--- Problem to solve ---
The lines wanted are those in the data below that include "CofactorUpdate".
═════ Data section ═════
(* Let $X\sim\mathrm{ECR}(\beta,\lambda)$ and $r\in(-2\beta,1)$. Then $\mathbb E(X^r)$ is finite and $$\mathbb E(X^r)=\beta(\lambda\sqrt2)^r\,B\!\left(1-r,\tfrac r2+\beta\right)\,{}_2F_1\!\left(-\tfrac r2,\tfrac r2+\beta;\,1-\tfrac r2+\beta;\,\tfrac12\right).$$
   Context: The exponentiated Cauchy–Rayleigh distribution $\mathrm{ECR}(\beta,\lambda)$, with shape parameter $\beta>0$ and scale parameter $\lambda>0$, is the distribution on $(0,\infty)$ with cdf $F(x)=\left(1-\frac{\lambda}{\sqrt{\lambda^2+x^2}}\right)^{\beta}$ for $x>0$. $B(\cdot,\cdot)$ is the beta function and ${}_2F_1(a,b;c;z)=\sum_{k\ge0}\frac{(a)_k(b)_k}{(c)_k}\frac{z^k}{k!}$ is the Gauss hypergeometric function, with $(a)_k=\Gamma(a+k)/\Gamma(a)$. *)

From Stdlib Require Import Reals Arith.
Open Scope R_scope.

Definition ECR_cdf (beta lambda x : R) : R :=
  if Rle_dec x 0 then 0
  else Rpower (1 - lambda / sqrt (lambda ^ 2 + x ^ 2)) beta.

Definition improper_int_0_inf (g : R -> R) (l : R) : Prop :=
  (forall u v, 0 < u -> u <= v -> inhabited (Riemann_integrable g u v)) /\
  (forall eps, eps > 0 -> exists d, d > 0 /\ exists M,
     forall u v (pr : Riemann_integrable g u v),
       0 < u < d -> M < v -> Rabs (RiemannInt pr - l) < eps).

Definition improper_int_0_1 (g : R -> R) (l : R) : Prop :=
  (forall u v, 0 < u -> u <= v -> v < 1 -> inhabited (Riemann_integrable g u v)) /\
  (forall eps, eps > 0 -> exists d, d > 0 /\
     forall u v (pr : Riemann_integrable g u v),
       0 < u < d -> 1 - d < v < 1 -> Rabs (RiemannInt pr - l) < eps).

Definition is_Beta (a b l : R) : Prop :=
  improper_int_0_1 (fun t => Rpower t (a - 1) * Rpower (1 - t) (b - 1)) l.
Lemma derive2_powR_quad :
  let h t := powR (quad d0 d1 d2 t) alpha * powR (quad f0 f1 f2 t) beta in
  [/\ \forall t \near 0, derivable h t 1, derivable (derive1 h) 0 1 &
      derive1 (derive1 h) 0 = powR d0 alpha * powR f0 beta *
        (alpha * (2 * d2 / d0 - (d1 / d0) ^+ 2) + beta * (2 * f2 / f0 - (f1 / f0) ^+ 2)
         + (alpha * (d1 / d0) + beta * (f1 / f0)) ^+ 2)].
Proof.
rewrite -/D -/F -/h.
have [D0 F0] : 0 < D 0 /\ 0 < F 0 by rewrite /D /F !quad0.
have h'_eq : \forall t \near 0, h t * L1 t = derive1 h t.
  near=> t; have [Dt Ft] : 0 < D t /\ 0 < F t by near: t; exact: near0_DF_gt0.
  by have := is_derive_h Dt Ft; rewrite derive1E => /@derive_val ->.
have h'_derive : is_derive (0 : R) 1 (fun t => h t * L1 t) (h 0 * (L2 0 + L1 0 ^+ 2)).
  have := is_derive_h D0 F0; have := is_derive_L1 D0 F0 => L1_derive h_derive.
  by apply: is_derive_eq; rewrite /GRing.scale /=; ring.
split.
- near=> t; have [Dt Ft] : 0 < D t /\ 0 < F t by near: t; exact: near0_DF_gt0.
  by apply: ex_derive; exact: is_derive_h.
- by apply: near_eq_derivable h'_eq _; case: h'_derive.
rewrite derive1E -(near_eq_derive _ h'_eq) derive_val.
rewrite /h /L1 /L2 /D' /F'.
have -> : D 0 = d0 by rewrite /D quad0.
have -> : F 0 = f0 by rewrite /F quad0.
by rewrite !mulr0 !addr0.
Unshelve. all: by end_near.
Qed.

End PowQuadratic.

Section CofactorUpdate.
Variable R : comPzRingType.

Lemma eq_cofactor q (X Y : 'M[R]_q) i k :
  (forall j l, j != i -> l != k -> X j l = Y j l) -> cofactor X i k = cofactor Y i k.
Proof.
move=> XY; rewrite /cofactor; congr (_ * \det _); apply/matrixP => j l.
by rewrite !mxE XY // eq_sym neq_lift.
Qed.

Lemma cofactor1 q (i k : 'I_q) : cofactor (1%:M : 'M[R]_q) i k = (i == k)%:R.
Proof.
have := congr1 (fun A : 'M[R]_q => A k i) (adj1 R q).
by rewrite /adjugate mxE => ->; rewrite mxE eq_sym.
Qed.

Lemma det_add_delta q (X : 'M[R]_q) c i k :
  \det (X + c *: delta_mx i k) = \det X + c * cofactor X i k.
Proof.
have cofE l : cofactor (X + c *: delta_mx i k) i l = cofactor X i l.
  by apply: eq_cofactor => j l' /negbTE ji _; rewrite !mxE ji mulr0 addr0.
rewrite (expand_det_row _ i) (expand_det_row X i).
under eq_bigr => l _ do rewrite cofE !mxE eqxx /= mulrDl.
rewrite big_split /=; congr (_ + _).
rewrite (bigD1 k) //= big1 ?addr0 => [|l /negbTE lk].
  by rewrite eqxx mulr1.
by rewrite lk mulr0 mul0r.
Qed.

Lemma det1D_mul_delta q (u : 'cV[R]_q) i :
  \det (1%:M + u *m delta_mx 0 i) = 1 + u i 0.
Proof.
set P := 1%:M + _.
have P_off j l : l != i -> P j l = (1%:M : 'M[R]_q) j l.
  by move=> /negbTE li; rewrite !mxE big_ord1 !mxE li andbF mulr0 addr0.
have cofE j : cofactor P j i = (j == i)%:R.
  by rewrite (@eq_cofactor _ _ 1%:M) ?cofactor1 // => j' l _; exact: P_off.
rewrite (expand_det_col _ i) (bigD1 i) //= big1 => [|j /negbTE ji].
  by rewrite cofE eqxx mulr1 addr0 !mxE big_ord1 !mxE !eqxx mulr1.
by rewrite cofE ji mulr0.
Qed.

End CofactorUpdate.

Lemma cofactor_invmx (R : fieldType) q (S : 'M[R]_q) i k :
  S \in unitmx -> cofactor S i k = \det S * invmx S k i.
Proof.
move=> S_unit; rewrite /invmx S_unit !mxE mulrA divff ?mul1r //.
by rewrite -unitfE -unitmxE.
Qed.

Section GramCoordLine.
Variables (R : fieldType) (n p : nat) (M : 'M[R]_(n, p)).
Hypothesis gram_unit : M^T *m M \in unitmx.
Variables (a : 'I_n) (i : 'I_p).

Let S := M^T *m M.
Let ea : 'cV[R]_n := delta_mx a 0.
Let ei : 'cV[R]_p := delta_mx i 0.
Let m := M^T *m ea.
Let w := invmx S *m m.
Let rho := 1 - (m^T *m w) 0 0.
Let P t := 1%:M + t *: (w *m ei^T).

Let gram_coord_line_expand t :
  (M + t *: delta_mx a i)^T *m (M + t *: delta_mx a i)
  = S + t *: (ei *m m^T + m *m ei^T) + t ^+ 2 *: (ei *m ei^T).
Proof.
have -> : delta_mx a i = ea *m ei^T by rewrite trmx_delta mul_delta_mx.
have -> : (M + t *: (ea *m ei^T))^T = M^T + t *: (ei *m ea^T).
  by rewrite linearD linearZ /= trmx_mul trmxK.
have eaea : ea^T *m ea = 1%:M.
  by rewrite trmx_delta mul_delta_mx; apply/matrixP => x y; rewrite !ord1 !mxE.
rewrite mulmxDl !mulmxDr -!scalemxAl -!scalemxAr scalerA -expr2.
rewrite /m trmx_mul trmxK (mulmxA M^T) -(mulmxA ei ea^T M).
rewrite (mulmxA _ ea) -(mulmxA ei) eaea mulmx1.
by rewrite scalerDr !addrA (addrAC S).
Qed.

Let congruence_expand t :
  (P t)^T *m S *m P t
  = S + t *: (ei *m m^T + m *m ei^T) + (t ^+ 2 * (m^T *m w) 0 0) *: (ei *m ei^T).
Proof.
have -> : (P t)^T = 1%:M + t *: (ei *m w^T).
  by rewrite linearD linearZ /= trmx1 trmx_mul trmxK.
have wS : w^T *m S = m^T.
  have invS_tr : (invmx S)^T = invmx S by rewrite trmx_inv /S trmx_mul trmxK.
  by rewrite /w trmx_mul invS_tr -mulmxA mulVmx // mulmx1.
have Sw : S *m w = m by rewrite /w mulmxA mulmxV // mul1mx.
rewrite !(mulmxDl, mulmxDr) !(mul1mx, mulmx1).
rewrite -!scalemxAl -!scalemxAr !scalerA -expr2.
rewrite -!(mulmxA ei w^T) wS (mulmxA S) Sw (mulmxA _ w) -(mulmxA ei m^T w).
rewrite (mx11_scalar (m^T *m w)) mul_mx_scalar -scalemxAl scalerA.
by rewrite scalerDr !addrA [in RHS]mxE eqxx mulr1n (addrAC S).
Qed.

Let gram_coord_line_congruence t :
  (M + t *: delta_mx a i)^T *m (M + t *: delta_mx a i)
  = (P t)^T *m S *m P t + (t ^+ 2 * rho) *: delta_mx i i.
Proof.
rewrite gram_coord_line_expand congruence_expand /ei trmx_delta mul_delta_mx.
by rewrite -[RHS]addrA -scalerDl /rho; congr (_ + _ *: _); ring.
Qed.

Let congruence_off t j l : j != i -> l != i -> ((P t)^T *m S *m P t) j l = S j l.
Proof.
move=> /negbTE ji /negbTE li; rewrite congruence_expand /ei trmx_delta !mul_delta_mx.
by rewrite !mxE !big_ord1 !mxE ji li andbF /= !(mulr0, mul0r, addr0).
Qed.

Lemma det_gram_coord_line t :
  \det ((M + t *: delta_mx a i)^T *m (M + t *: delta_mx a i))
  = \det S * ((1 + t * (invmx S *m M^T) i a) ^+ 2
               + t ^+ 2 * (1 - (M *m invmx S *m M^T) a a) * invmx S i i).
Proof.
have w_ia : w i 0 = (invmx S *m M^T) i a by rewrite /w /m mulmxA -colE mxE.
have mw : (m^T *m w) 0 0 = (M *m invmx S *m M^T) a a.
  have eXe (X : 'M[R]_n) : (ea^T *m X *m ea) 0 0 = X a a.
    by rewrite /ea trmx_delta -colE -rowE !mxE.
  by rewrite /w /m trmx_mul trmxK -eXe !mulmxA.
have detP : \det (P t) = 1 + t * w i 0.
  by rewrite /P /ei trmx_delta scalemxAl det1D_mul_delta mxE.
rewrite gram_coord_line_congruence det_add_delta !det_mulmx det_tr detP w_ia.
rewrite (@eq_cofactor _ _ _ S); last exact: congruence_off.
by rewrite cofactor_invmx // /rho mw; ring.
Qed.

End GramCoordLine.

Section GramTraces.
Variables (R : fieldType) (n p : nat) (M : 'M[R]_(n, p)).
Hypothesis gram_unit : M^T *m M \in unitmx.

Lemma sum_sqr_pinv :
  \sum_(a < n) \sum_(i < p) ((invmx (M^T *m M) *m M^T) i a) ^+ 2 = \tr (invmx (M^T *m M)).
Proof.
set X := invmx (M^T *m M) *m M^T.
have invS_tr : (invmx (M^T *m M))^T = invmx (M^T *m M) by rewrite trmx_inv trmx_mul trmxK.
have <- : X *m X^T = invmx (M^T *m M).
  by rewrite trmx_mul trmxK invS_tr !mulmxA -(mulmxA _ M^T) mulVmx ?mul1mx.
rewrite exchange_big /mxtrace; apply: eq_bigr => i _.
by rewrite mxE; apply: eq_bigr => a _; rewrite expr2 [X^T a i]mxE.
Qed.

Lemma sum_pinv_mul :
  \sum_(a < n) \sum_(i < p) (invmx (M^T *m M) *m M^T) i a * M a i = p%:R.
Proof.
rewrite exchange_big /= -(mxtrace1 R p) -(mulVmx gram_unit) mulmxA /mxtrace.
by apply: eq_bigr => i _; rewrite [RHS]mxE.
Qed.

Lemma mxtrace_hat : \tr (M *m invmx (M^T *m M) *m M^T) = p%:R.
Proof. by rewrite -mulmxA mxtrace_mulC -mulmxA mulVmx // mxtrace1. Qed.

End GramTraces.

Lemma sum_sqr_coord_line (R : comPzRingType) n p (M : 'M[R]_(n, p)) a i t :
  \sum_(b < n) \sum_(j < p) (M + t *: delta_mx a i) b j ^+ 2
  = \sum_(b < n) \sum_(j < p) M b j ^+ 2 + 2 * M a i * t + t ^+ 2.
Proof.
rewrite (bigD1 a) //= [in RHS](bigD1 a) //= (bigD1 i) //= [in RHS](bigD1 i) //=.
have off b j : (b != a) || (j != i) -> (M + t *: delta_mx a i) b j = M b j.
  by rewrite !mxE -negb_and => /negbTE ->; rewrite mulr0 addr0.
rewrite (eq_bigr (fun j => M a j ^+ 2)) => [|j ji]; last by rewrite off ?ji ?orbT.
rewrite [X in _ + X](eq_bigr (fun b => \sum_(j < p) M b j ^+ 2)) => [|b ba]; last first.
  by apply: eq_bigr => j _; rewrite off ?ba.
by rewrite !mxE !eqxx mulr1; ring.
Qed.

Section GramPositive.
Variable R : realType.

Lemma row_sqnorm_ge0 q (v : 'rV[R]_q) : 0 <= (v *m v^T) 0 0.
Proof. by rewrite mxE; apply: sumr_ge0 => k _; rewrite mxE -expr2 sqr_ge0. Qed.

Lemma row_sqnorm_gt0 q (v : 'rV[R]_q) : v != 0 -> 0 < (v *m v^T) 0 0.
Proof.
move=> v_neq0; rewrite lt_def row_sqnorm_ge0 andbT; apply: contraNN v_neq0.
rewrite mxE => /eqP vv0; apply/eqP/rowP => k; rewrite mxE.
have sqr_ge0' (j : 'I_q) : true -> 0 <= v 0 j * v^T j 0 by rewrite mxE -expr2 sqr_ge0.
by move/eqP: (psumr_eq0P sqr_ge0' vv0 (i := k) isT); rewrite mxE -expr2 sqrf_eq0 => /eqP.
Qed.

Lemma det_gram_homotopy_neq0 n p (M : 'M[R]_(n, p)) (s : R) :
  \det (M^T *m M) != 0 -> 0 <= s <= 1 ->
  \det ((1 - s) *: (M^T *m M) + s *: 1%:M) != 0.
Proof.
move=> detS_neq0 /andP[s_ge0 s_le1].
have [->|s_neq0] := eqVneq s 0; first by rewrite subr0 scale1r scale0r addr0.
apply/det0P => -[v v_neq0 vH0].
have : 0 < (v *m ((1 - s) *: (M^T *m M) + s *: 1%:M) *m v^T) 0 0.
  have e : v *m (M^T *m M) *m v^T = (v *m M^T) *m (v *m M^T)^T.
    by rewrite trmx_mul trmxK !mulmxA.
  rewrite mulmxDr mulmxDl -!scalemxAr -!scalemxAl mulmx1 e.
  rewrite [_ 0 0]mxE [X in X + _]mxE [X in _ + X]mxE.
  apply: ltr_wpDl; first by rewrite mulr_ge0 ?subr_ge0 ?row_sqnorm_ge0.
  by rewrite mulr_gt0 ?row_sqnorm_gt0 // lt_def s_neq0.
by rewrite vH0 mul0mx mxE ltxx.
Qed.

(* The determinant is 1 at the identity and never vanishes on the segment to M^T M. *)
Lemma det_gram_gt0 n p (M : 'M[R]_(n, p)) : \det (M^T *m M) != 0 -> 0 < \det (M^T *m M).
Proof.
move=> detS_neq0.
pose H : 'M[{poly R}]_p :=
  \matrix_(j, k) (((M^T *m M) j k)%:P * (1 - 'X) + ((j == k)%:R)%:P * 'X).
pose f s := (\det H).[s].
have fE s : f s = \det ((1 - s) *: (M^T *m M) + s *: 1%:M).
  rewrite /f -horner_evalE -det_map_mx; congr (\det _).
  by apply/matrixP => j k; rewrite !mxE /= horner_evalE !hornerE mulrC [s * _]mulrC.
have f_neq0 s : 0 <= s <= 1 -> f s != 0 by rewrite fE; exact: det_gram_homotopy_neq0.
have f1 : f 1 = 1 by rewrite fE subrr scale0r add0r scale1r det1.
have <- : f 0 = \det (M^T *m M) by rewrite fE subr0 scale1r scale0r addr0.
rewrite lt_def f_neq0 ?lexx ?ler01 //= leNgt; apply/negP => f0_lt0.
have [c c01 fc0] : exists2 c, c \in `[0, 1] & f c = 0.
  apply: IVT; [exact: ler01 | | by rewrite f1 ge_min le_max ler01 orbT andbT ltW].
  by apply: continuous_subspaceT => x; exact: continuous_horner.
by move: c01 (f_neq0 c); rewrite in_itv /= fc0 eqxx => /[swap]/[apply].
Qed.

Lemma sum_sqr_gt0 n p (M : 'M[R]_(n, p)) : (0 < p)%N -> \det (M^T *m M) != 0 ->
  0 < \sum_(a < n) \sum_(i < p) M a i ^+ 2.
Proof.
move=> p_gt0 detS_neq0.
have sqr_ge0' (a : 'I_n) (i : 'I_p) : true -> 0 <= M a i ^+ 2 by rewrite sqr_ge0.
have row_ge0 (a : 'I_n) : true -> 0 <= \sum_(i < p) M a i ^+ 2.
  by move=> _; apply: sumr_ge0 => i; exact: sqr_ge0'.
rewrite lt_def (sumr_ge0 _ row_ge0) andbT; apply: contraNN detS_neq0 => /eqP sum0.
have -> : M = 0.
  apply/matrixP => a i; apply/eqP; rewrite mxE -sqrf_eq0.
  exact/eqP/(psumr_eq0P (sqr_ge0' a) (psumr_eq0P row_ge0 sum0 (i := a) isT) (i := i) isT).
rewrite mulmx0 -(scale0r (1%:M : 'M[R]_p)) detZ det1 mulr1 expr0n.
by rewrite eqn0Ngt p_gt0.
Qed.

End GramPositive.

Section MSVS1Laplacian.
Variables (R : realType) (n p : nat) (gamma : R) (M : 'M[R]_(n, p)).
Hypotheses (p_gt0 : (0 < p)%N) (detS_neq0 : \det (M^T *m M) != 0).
═════
--- Solution to the exercise ---
Section CofactorUpdate.
End CofactorUpdate.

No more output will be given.